Linehan Outfitting Company is in its 26th year. Tim guides, and Joanne is in charge of the Orvis-endorsed business’s daily operations, which includes overseeing bookings for fishing and hunting trips, housekeeping and grounds, and especially preparing meals. Her food is the keystone of the guests’ experience, and she relishes the creative process and making people happy.

Joanne in her garden.

Joanne grew up in Florida, Tim in New London. They met through mutual friends when she was a child studies major at Colby-Sawyer. He taught her to fly fish on Pleasant Lake; after graduating, she bought a house in Wilmot and taught preschool. In 1989, Tim moved to Montana to try his hand at guiding. She visited in February, when temps can dip to -40º, and got a taste of his new life in the 1920s homesteading cabin he had reclaimed from the packrats. There was no phone, no electricity, and running water only if the generator worked … which it didn’t. Still, she liked what she saw, and in September, she made the move, too.

“I met incredible people at Colby-Sawyer, like my dearest friend, Annie Ballin ’82, and I thought I’d stay in New London forever,” Joanne said. “But when Tim said maybe I should move out here, I thought about it for about two seconds, grabbed my dog and just drove.”

She taught in the one-room schoolhouse and adjusted to the isolation.

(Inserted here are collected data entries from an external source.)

(* Let $\mathcal A$ be a unital algebra with unit $\mathbf 1$ and let $(\mathbf R_n)_{n\in\mathbb Z}$ be invertible elements of $\mathcal A$ satisfying $$\mathbf R_{n+1}\mathbf R_n^{-1}\mathbf R_{n-1}=\mathbf R_n+\mathbf R_n^{-1}\qquad(n\in\mathbb Z).$$ Then $\mathbf C:=\mathbf R_{n+1}^{-1}\mathbf R_n\mathbf R_{n+1}\mathbf R_n^{-1}$ is independent of $n$, and $$\mathbf K:=(\mathbf R_{n+1}+\mathbf C\mathbf R_{n-1})\mathbf R_n^{-1}=\mathbf R_n^{-1}(\mathbf R_{n+1}\mathbf C+\mathbf R_{n-1})$$ (the two expressions being equal for each $n$) is also independent of $n$. *)

From HB Require Import structures.
From mathcomp Require Import all_boot all_order all_algebra.
Set Implicit Arguments. Unset Strict Implicit. Unset Printing Implicit Defensive.
Import Order.TTheory GRing.Theory Num.Theory.
Local Open Scope ring_scope.

Definition Cseq (A : unitRingType) (R : int -> A) (n : int) : A :=
  (R (n + 1))^-1 * R n * R (n + 1) * (R n)^-1.

Definition Kseq (A : unitRingType) (R : int -> A) (n : int) : A :=
  (R (n + 1) + Cseq R n * R (n - 1)) * (R n)^-1.

Definition Kseq' (A : unitRingType) (R : int -> A) (n : int) : A :=
  (R n)^-1 * (R (n + 1) * Cseq R n + R (n - 1)).

(* Put X_n := R_n + R_n^-1, which commutes with R_n.  The recurrence can be
   solved for the two "mixed quotients" R_{n+1} R_n^-1 = X_n R_{n-1}^-1 and
   R_n^-1 R_{n-1} = R_{n+1}^-1 X_n.  Substituting these into C_n and C_{n-1}
   and moving X_n past R_n shows C_n = C_{n-1}.  Both expressions for K_n
   collapse to R_{n+1} R_n^-1 + R_n^-1 R_{n-1}, and expanding X_{n+1} and X_n
   in the mixed quotients shows that this sum does not change from n to n+1. *)
From HB Require Import structures.
From mathcomp Require Import all_boot all_order all_algebra.
Set Implicit Arguments. Unset Strict Implicit.
Import GRing.Theory.
Local Open Scope ring_scope.

Lemma int_shift_invariant_const (T : Type) (f : int -> T) :
  (forall n, f (n + 1) = f n) -> forall n, f n = f 0.
Proof.
move=> f_shift [k|k].
  elim: k => // k IHk.
  by rewrite -addn1 PoszD f_shift.
elim: k => [|k IHk]; first by rewrite -(f_shift (Negz 0)).
rewrite -IHk -(f_shift (Negz k.+1)); congr f.
by rewrite !NegzE -[k.+2]addn1 PoszD opprD addrNK.
Qed.

Section ThreeTermRecurrence.
Variables (A : unitRingType) (a b c : A).
Hypotheses (ua : a \is a GRing.unit) (ub : b \is a GRing.unit)
  (uc : c \is a GRing.unit).
Hypothesis rec : c * b^-1 * a = b + b^-1.

Lemma comm_add_inv : GRing.comm b (b + b^-1).
Proof. by rewrite /GRing.comm mulrDr mulrDl mulrV // mulVr. Qed.

Lemma rec_mulrV : c * b^-1 = (b + b^-1) * a^-1.
Proof. by rewrite -rec mulrK. Qed.

Lemma rec_mulVr : b^-1 * a = c^-1 * (b + b^-1).
Proof. by rewrite -rec -!mulrA mulKr. Qed.

Lemma rec_conj : c^-1 * b * c * b^-1 = b^-1 * a * b * a^-1.
Proof.
rewrite -(mulrA _ c) rec_mulrV rec_mulVr -!mulrA; congr (_ * _).
by rewrite !mulrA comm_add_inv.
Qed.

Lemma rec_K_left : (c + c^-1 * b * c * b^-1 * a) * b^-1 = c * b^-1 + b^-1 * a.
Proof. by rewrite rec_conj mulrVK // mulrDl mulrK. Qed.

Lemma rec_K_right : b^-1 * (c * (c^-1 * b * c * b^-1) + a) = c * b^-1 + b^-1 * a.
Proof. by rewrite !mulrA divrr // mul1r mulrDr !mulrA mulVr // mul1r. Qed.

End ThreeTermRecurrence.

Lemma rec_quotient_sum_shift (A : unitRingType) (a b c d : A) :
  b \is a GRing.unit -> c \is a GRing.unit ->
  c * b^-1 * a = b + b^-1 -> d * c^-1 * b = c + c^-1 ->
  d * c^-1 + c^-1 * b = c * b^-1 + b^-1 * a.
Proof.
move=> ub uc rec_b rec_c.
rewrite (rec_mulrV ub rec_c) (rec_mulVr uc rec_b) mulrDl mulrDr -addrA.
by rewrite [_ * b + _]addrC.
Qed.

Section InvertibleRecurrence.
Variables (A : unitRingType) (R : int -> A).
Hypothesis hunit : forall n, R n \is a GRing.unit.
Hypothesis hrec : forall n, R (n + 1) * (R n)^-1 * R (n - 1) = R n + (R n)^-1.

Lemma hrec_succ n : R (n + 1 + 1) * (R (n + 1))^-1 * R n = R (n + 1) + (R (n + 1))^-1.
Proof. by have := hrec (n + 1); rewrite addrK. Qed.

Lemma Cseq_succ n : Cseq R (n + 1) = Cseq R n.
Proof. exact: rec_conj (hunit _) (hunit _) (hunit _) (hrec_succ n). Qed.

Lemma Kseq_quotients n : Kseq R n = R (n + 1) * (R n)^-1 + (R n)^-1 * R (n - 1).
Proof. exact: rec_K_left (hunit _) (hunit _) (hunit _) (hrec n). Qed.

Lemma Kseq'_quotients n : Kseq' R n = R (n + 1) * (R n)^-1 + (R n)^-1 * R (n - 1).
Proof. exact: rec_K_right (hunit _) (hunit _). Qed.

Lemma Kseq_succ n : Kseq R (n + 1) = Kseq R n.
Proof.
rewrite !Kseq_quotients addrK.
exact: rec_quotient_sum_shift (hunit _) (hunit _) (hrec n) (hrec_succ n).
Qed.

End InvertibleRecurrence.

Theorem mainTheorem11 (A : unitRingType) (R : int -> A)
  (hunit : forall n : int, R n \is a GRing.unit)
  (hrec : forall n : int, R (n + 1) * (R n)^-1 * R (n - 1) = R n + (R n)^-1) :
  (forall n : int, Cseq R n = Cseq R 0) /\
  (forall n : int, Kseq R n = Kseq' R n) /\
  (forall n : int, Kseq R n = Kseq R 0).
Proof.
split; last split.
- exact/int_shift_invariant_const/(Cseq_succ hunit hrec).
- by move=> n; rewrite (Kseq_quotients hunit hrec) (Kseq'_quotients hunit).
- exact/int_shift_invariant_const/(Kseq_succ hunit hrec).
Qed.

Joanne cooking in her kitchen.

“It was all very romantic. You know, all my life I’ve been happy wherever I am, but I’m pretty attached to the Yaak,” Joanne said. “I love it here, with the mountains and the cold clear water. It’s home.”

She also loves cooking and caring for people. After Tim had guided for three years and could apply to become an outfitter, they struck out on their own and built their business, the two of them doing everything that needed to be done to beyond the point of exhaustion. These days, they’re based in a beautiful airy log home that’s higher than the rainbows that fill the valley after a storm. Three cabins accommodate guests, and a river house 75 minutes away welcomes larger groups. They have a small army of guides and an assistant in the office three days a week, but during the busy summer season, Joanne gardens and cooks her way through a blur of 17-hour days. She’s as known for what she cooks — like her popular brownies and Belizean chicken — as much as for how she cooks it all from scratch.

She sources as much local food as she can, from huckleberries for jam and goat milk ice cream to morels she hunts in the forest and the vegetables she gathers from her garden. Packing up the dinner that has taken all day to prepare at home to deliver to the party of eight at the river house,

Joanne is tired but still buzzing as she anticipates the reactions her food will elicit.

“The guides say the first half of the day, the guests talk about what they had for dinner and the second half they’re wondering what I’m making for that night,” she said. “It makes me feel good when it’s that important to them because it’s important to me. It’s so rewarding to be on the receiving end of everyone’s happiness.”

At 6 p.m., she’s putting the final touches on the meal. It’ll be after midnight before she’s home, where she’ll do it all over again the next day. It’s a labor of love, and she has no regrets.

“It’s been great,” she said, after Tim calls to check in from the road. “I’m so glad we’re living this life.”